» Task to complete:
Each entry needs to be retyped exactly.

» Dataset content:
(* Let $n\ge1$ and let $F$ and $G$ be permutations of $\mathbb{F}_{2^n}$ such that $F(x)=G(x)$ for all $x\in\mathbb{F}_{2^n}\setminus P$, for some nonempty subset $P\subseteq\mathbb{F}_{2^n}$. If $c\in\mathbb{F}_{2^n}$ and $c\neq 1$, then ${}_c\Delta_F\le {}_c\Delta_G+\#P$.
   Context: For $F:\mathbb{F}_{2^n}\to\mathbb{F}_{2^n}$ and $c\in\mathbb{F}_{2^n}$, ${}_cD_aF(x)=F(x+a)+cF(x)$ (characteristic $2$). For $a,b\in\mathbb{F}_{2^n}$, ${}_c\Delta_F(a,b)$ is the number of $x\in\mathbb{F}_{2^n}$ with ${}_cD_aF(x)=b$, and the $c$-differential uniformity is ${}_c\Delta_F=\max\{{}_c\Delta_F(a,b): a,b\in\mathbb{F}_{2^n},\ a\neq 0 \text{ if } c=1\}$. $\#P$ denotes the cardinality of $P$. *)

From HB Require Import structures.
From mathcomp Require Import all_boot all_order all_algebra all_field.
Set Implicit Arguments. Unset Strict Implicit. Unset Printing Implicit Defensive.
Import GRing.Theory.
Local Open Scope ring_scope.

(* c-derivative  _cD_a F (x) = F (x + a) + c F(x)  (characteristic 2) *)
Definition cder (K : finFieldType) (F : K -> K) (c a : K) (x : K) : K :=
  F (x + a) + c * F x.

Definition cDelta (K : finFieldType) (F : K -> K) (c a b : K) : nat :=
  #|[set x : K | cder F c a x == b]|.

Definition cDU (K : finFieldType) (F : K -> K) (c : K) : nat :=
  \max_(ab : K * K | (c != 1) || (ab.1 != 0)) cDelta F c ab.1 ab.2.

From HB Require Import structures.
From mathcomp Require Import all_boot all_order all_algebra all_field.
From mathcomp Require Import ring.
Import GRing.Theory.
Local Open Scope ring_scope.

(* A solution x of F(x + a) + c F(x) = b with x, x + a outside P is also a
   solution for G.  The remaining solutions are mapped into P by sending x to
   whichever of x, x + a lies in P; this map is injective because, in
   characteristic 2 and for c <> 1, x and x + a cannot both be solutions unless
   a = 0, as F(x + a) + c F(x) = F(x) + c F(x + a) forces F(x + a) = F(x). *)

Section PointwiseBound.

Variables (K : finFieldType) (F G : K -> K) (c a b : K).
Hypotheses (hchar : 2%N \in [pchar K]) (injF : injective F) (hc : c != 1).

Lemma cder_shift_eq0 {x} : cder F c a x = b -> cder F c a (x + a) = b -> a = 0.
Proof.
rewrite /cder -addrA addrr_pchar2 // addr0 => <- /eqP.
have -> : (F x + c * F (x + a) == F (x + a) + c * F x)
        = ((1 - c) * (F x - F (x + a)) == 0).
  by rewrite -subr_eq0; congr (_ == 0); ring.
rewrite mulf_eq0 subr_eq0 eq_sym (negbTE hc) subr_eq0 => /eqP /injF.
by rewrite -{1}(addr0 x) => /addrI/esym.
Qed.

Lemma card_cder_sol_near_le (P : {set K}) :
  (#|[set x | (cder F c a x == b) && ((x \in P) || ((x + a)%R \in P))]| <= #|P|)%N.
Proof.
set S := [set x | _].
pose f x := if x \in P then x else x + a.
have f_inj : {in S &, injective f}.
  have shift x y : x \in S -> y \in S -> y + a = x -> x = y.
    rewrite !inE => /andP[/eqP solx _] /andP[/eqP soly _] yax.
    rewrite -yax in solx; rewrite (cder_shift_eq0 soly solx) in yax.
    by rewrite -yax addr0.
  move=> x y Sx Sy; rewrite /f.
  case: ifP => _; case: ifP => _ fxy //.
  - exact: shift (esym fxy).
  - exact/esym/(shift _ _ Sy Sx).
  - exact: addIr fxy.
rewrite -(card_in_imset f_inj); apply/subset_leq_card/subsetP => z /imsetP[x].
rewrite inE /f => /andP[_ nearx] ->.
by case: ifP nearx.
Qed.

Lemma cDelta_le_add (P : {set K}) :
  (forall x, x \notin P -> F x = G x) ->
  (cDelta F c a b <= cDelta G c a b + #|P|)%N.
Proof.
move=> FG; rewrite /cDelta.
set near := [set x | (x \in P) || (x + a \in P)].
rewrite -(cardsID near) addnC leq_add //.
  apply/subset_leq_card/subsetP => x.
  rewrite !inE negb_or => /andP[/andP[xP xaP]].
  by rewrite /cder FG // FG.
apply: leq_trans (card_cder_sol_near_le P).
by apply/subset_leq_card/subsetP => x; rewrite !inE.
Qed.

End PointwiseBound.

Lemma cDU_le_add (K : finFieldType) (F G : K -> K) (c : K) (k : nat) :
  (forall a b, cDelta F c a b <= cDelta G c a b + k)%N ->
  (cDU F c <= cDU G c + k)%N.
Proof.
move=> FG; apply/bigmax_leqP => ab admissible.
apply: leq_trans (FG ab.1 ab.2) _; rewrite leq_add2r.
exact: (@leq_bigmax_cond _ (fun ab : K * K => (c != 1) || (ab.1 != 0))
  (fun ab : K * K => cDelta G c ab.1 ab.2) ab admissible).
Qed.

Theorem mainTheorem2 (K : finFieldType) (n : nat)
  (hn : (1 <= n)%N) (hchar : 2%N \in [pchar K]) (hcard : #|K| = (2 ^ n)%N)
  (F G : K -> K) (hF : bijective F) (hG : bijective G)
  (P : {set K}) (hP : P != set0)
  (hFG : forall x : K, x \notin P -> F x = G x)
  (c : K) (hc : c != 1) :
  (cDU F c <= cDU G c + #|P|)%N.
Proof.
apply: cDU_le_add => a b.
exact: cDelta_le_add hchar (bij_inj hF) hc P hFG.
Qed.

» Your response:
(* Let $n\ge1$ and let $F$ and $G$ be permutations of $\mathbb{F}_{2^n}$ such that $F(x)=G(x)$ for all $x\in\mathbb{F}_{2^n}\setminus P$, for some nonempty subset $P\subseteq\mathbb{F}_{2^n}$. If $c\in\mathbb{F}_{2^n}$ and $c\neq 1$, then ${}_c\Delta_F\le {}_c\Delta_G+\#P$.
   Context: For $F:\mathbb{F}_{2^n}\to\mathbb{F}_{2^n}$ and $c\in\mathbb{F}_{2^n}$, ${}_cD_aF(x)=F(x+a)+cF(x)$ (characteristic $2$). For $a,b\in\mathbb{F}_{2^n}$, ${}_c\Delta_F(a,b)$ is the number of $x\in\mathbb{F}_{2^n}$ with ${}_cD_aF(x)=b$, and the $c$-differential uniformity is ${}_c\Delta_F=\max\{{}_c\Delta_F(a,b): a,b\in\mathbb{F}_{2^n},\ a\neq 0 \text{ if } c=1\}$. $\#P$ denotes the cardinality of $P$. *)

From HB Require Import structures.
From mathcomp Require Import all_boot all_order all_algebra all_field.
Set Implicit Arguments. Unset Strict Implicit. Unset Printing Implicit Defensive.
Import GRing.Theory.
Local Open Scope ring_scope.

(* c-derivative  _cD_a F (x) = F (x + a) + c F(x)  (characteristic 2) *)
Definition cder (K : finFieldType) (F : K -> K) (c a : K) (x : K) : K :=
  F (x + a) + c * F x.

Definition cDelta (K : finFieldType) (F : K -> K) (c a b : K) : nat :=
  #|[set x : K | cder F c a x == b]|.

Definition cDU (K : finFieldType) (F : K -> K) (c : K) : nat :=
  \max_(ab : K * K | (c != 1) || (ab.1 != 0)) cDelta F c ab.1 ab.2.

From HB Require Import structures.
From mathcomp Require Import all_boot all_order all_algebra all_field.
From mathcomp Require Import ring.
Import GRing.Theory.
Local Open Scope ring_scope.

(* A solution x of F(x + a) + c F(x) = b with x, x + a outside P is also a
   solution for G.  The remaining solutions are mapped into P by sending x to
   whichever of x, x + a lies in P; this map is injective because, in
   characteristic 2 and for c <> 1, x and x + a cannot both be solutions unless
   a = 0, as F(x + a) + c F(x) = F(x) + c F(x + a) forces F(x + a) = F(x). *)

Section PointwiseBound.

Variables (K : finFieldType) (F G : K -> K) (c a b : K).
Hypotheses (hchar : 2%N \in [pchar K]) (injF : injective F) (hc : c != 1).

Lemma cder_shift_eq0 {x} : cder F c a x = b -> cder F c a (x + a) = b -> a = 0.
Proof.
rewrite /cder -addrA addrr_pchar2 // addr0 => <- /eqP.
have -> : (F x + c * F (x + a) == F (x + a) + c * F x)
        = ((1 - c) * (F x - F (x + a)) == 0).
  by rewrite -subr_eq0; congr (_ == 0); ring.
rewrite mulf_eq0 subr_eq0 eq_sym (negbTE hc) subr_eq0 => /eqP /injF.
by rewrite -{1}(addr0 x) => /addrI/esym.
Qed.

Lemma card_cder_sol_near_le (P : {set K}) :
  (#|[set x | (cder F c a x == b) && ((x \in P) || ((x + a)%R \in P))]| <= #|P|)%N.
Proof.
set S := [set x | _].
pose f x := if x \in P then x else x + a.
have f_inj : {in S &, injective f}.
  have shift x y : x \in S -> y \in S -> y + a = x -> x = y.
    rewrite !inE => /andP[/eqP solx _] /andP[/eqP soly _] yax.
    rewrite -yax in solx; rewrite (cder_shift_eq0 soly solx) in yax.
    by rewrite -yax addr0.
  move=> x y Sx Sy; rewrite /f.
  case: ifP => _; case: ifP => _ fxy //.
  - exact: shift (esym fxy).
  - exact/esym/(shift _ _ Sy Sx).
  - exact: addIr fxy.
rewrite -(card_in_imset f_inj); apply/subset_leq_card/subsetP => z /imsetP[x].
rewrite inE /f => /andP[_ nearx] ->.
by case: ifP nearx.
Qed.

Lemma cDelta_le_add (P : {set K}) :
  (forall x, x \notin P -> F x = G x) ->
  (cDelta F c a b <= cDelta G c a b + #|P|)%N.
Proof.
move=> FG; rewrite /cDelta.
set near := [set x | (x \in P) || (x + a \in P)].
rewrite -(cardsID near) addnC leq_add //.
  apply/subset_leq_card/subsetP => x.
  rewrite !inE negb_or => /andP[/andP[xP xaP]].
  by rewrite /cder FG // FG.
apply: leq_trans (card_cder_sol_near_le P).
by apply/subset_leq_card/subsetP => x; rewrite !inE.
Qed.

End PointwiseBound.

Lemma cDU_le_add (K : finFieldType) (F G : K -> K) (c : K) (k : nat) :
  (forall a b, cDelta F c a b <= cDelta G c a b + k)%N ->
  (cDU F c <= cDU G c + k)%N.
Proof.
move=> FG; apply/bigmax_leqP => ab admissible.
apply: leq_trans (FG ab.1 ab.2) _; rewrite leq_add2r.
exact: (@leq_bigmax_cond _ (fun ab : K * K => (c != 1) || (ab.1 != 0))
  (fun ab : K * K => cDelta G c ab.1 ab.2) ab admissible).
Qed.

Theorem mainTheorem2 (K : finFieldType) (n : nat)
  (hn : (1 <= n)%N) (hchar : 2%N \in [pchar K]) (hcard : #|K| = (2 ^ n)%N)
  (F G : K -> K) (hF : bijective F) (hG : bijective G)
  (P : {set K}) (hP : P != set0)
  (hFG : forall x : K, x \notin P -> F x = G x)
  (c : K) (hc : c != 1) :
  (cDU F c <= cDU G c + #|P|)%N.
Proof.
apply: cDU_le_add => a b.
exact: cDelta_le_add hchar (bij_inj hF) hc P hFG.
Qed.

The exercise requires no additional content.